-------- Data to process --------

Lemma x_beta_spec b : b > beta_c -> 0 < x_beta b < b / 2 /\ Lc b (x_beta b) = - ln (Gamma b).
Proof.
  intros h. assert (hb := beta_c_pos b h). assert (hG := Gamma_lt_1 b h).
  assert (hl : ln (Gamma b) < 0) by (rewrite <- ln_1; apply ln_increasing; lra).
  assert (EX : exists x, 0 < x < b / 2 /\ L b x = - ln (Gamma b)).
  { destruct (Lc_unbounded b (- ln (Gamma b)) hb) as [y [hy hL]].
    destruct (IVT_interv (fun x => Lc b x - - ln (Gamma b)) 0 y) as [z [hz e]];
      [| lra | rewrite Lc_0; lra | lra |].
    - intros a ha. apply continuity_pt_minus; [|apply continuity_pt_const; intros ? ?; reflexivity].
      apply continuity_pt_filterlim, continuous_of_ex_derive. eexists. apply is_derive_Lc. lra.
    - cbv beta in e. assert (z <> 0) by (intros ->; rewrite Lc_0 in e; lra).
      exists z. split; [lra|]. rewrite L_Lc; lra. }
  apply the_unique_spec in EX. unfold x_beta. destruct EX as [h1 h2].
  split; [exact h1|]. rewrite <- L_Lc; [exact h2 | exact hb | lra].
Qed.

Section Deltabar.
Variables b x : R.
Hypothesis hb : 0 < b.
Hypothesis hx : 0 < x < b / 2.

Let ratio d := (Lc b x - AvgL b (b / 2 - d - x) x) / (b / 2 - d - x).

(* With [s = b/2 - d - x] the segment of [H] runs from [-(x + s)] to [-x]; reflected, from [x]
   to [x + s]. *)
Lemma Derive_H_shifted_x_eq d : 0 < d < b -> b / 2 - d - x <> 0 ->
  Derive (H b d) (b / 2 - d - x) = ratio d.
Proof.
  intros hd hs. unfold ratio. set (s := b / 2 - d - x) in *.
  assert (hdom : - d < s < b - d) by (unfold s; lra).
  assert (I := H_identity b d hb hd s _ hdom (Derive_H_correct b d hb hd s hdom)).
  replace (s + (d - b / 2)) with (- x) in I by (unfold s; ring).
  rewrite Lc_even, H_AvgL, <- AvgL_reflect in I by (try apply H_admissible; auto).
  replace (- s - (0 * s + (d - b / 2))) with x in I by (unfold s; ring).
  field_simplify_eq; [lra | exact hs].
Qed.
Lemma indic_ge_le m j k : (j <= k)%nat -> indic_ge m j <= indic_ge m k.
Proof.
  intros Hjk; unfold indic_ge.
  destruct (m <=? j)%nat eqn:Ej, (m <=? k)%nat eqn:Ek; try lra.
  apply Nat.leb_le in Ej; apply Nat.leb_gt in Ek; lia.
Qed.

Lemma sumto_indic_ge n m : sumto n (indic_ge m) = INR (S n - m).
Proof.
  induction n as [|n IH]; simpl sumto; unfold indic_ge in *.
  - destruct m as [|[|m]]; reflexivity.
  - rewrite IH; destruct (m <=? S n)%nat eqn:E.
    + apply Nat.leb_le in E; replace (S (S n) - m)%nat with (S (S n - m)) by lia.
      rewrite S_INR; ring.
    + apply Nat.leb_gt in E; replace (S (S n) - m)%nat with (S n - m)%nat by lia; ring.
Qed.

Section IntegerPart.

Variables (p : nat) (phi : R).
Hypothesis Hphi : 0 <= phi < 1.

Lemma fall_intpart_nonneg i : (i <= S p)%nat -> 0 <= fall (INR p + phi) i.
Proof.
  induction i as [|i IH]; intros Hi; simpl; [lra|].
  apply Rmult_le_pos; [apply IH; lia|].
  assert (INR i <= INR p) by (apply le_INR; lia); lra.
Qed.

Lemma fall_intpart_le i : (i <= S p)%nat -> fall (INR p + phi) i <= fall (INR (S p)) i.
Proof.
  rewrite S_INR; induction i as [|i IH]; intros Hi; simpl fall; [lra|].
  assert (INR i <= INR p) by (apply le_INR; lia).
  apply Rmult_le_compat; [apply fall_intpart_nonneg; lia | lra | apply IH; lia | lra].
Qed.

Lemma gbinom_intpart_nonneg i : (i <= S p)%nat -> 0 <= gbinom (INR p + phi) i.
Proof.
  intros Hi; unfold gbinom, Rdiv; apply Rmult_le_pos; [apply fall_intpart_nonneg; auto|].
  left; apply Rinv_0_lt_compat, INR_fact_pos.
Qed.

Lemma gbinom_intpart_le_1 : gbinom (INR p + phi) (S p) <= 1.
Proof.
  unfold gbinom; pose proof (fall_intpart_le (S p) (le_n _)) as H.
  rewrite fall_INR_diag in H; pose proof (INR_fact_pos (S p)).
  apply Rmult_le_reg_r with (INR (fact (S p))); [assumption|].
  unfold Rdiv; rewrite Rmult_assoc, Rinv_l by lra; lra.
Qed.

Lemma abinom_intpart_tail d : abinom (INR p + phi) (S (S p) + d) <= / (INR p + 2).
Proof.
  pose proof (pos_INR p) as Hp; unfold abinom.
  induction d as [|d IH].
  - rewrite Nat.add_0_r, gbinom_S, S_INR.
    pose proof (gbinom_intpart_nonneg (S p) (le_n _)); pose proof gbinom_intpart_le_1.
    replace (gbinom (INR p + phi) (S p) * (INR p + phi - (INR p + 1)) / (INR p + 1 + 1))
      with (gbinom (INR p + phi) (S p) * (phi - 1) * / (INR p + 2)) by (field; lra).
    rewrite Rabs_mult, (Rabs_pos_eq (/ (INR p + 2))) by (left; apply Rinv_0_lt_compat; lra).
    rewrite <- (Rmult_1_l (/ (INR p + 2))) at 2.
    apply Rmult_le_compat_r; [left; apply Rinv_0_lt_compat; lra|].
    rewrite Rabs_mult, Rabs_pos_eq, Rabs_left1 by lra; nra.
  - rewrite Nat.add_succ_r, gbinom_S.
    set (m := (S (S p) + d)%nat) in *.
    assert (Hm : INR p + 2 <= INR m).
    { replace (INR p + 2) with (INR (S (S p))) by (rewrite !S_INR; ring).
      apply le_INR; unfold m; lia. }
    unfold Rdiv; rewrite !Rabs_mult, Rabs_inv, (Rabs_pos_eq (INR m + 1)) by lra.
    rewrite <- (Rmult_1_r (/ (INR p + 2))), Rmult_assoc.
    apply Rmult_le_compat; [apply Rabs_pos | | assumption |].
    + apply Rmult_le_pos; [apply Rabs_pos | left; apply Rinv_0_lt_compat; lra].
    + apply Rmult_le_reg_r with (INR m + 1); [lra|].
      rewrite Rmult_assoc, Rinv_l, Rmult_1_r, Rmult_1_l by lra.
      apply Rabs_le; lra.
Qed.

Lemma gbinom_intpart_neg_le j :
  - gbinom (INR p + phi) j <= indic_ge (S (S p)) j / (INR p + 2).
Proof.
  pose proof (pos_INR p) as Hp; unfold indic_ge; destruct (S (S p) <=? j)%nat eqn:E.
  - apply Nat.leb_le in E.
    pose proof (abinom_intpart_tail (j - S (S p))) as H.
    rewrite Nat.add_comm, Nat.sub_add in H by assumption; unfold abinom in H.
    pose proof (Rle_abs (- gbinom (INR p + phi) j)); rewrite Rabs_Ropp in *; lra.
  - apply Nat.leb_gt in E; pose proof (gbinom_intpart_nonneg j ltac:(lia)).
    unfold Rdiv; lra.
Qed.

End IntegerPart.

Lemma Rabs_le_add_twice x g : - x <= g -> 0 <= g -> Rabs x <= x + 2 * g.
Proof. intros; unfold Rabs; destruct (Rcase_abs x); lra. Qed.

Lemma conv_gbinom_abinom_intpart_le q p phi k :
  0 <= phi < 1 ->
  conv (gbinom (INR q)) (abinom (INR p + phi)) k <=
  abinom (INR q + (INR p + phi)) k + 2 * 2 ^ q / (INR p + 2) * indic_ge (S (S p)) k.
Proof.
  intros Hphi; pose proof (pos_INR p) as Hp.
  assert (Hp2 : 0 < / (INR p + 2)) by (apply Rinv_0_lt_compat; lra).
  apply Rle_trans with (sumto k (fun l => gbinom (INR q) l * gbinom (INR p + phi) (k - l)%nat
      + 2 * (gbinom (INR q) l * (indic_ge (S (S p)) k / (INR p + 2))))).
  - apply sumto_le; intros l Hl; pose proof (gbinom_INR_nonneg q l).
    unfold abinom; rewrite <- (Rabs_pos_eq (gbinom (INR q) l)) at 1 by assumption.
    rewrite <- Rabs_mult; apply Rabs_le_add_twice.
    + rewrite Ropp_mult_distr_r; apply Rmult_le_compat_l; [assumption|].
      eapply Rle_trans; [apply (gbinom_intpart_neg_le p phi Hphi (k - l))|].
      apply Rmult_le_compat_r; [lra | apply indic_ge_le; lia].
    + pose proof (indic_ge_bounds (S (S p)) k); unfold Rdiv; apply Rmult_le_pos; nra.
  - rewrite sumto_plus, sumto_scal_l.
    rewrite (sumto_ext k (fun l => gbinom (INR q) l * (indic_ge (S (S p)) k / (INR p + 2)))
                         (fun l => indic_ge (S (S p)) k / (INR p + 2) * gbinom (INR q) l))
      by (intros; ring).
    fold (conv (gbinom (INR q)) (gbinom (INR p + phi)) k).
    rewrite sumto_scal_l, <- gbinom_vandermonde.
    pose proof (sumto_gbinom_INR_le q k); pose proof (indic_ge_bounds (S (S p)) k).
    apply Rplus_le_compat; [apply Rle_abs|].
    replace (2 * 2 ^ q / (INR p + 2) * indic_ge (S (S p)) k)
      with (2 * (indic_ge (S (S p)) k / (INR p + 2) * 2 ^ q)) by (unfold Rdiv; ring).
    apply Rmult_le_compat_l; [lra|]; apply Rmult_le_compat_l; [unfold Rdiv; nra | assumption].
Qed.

--------
-------- Data to process --------

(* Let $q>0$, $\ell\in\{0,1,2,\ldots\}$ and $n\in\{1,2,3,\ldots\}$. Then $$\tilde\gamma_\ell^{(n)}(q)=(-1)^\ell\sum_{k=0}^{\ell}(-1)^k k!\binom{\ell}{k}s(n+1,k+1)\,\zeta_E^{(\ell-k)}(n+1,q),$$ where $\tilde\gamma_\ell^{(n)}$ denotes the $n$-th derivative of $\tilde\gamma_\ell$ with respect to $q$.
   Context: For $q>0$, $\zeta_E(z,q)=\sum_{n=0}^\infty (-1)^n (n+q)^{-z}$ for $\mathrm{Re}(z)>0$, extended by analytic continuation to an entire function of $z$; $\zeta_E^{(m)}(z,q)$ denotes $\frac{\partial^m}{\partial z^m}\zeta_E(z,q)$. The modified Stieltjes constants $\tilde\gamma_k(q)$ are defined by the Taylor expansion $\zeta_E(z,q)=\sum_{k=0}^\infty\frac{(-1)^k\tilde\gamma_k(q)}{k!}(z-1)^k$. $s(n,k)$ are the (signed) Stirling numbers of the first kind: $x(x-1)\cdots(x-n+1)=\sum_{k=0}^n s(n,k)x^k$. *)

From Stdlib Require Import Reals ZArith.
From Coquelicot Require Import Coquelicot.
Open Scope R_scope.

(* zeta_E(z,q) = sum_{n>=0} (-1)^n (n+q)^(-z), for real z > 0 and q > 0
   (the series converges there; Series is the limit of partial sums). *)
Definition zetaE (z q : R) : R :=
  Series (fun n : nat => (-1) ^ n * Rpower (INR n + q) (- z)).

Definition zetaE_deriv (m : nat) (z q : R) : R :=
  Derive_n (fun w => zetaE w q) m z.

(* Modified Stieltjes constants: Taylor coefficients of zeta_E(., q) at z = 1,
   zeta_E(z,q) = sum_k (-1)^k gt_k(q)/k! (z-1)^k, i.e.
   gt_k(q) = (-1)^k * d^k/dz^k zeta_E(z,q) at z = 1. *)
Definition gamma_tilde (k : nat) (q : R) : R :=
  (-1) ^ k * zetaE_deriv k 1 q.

--------

Work order:
For each line above that carries the word "ring", copy it out.

Worked solution:
  replace (s + (d - b / 2)) with (- x) in I by (unfold s; ring).
  replace (- s - (0 * s + (d - b / 2))) with x in I by (unfold s; ring).
      rewrite S_INR; ring.
    + apply Nat.leb_gt in E; replace (S (S n) - m)%nat with (S n - m)%nat by lia; ring.
    { replace (INR p + 2) with (INR (S (S p))) by (rewrite !S_INR; ring).
      by (intros; ring).
      with (2 * (indic_ge (S (S p)) k / (INR p + 2) * 2 ^ q)) by (unfold Rdiv; ring).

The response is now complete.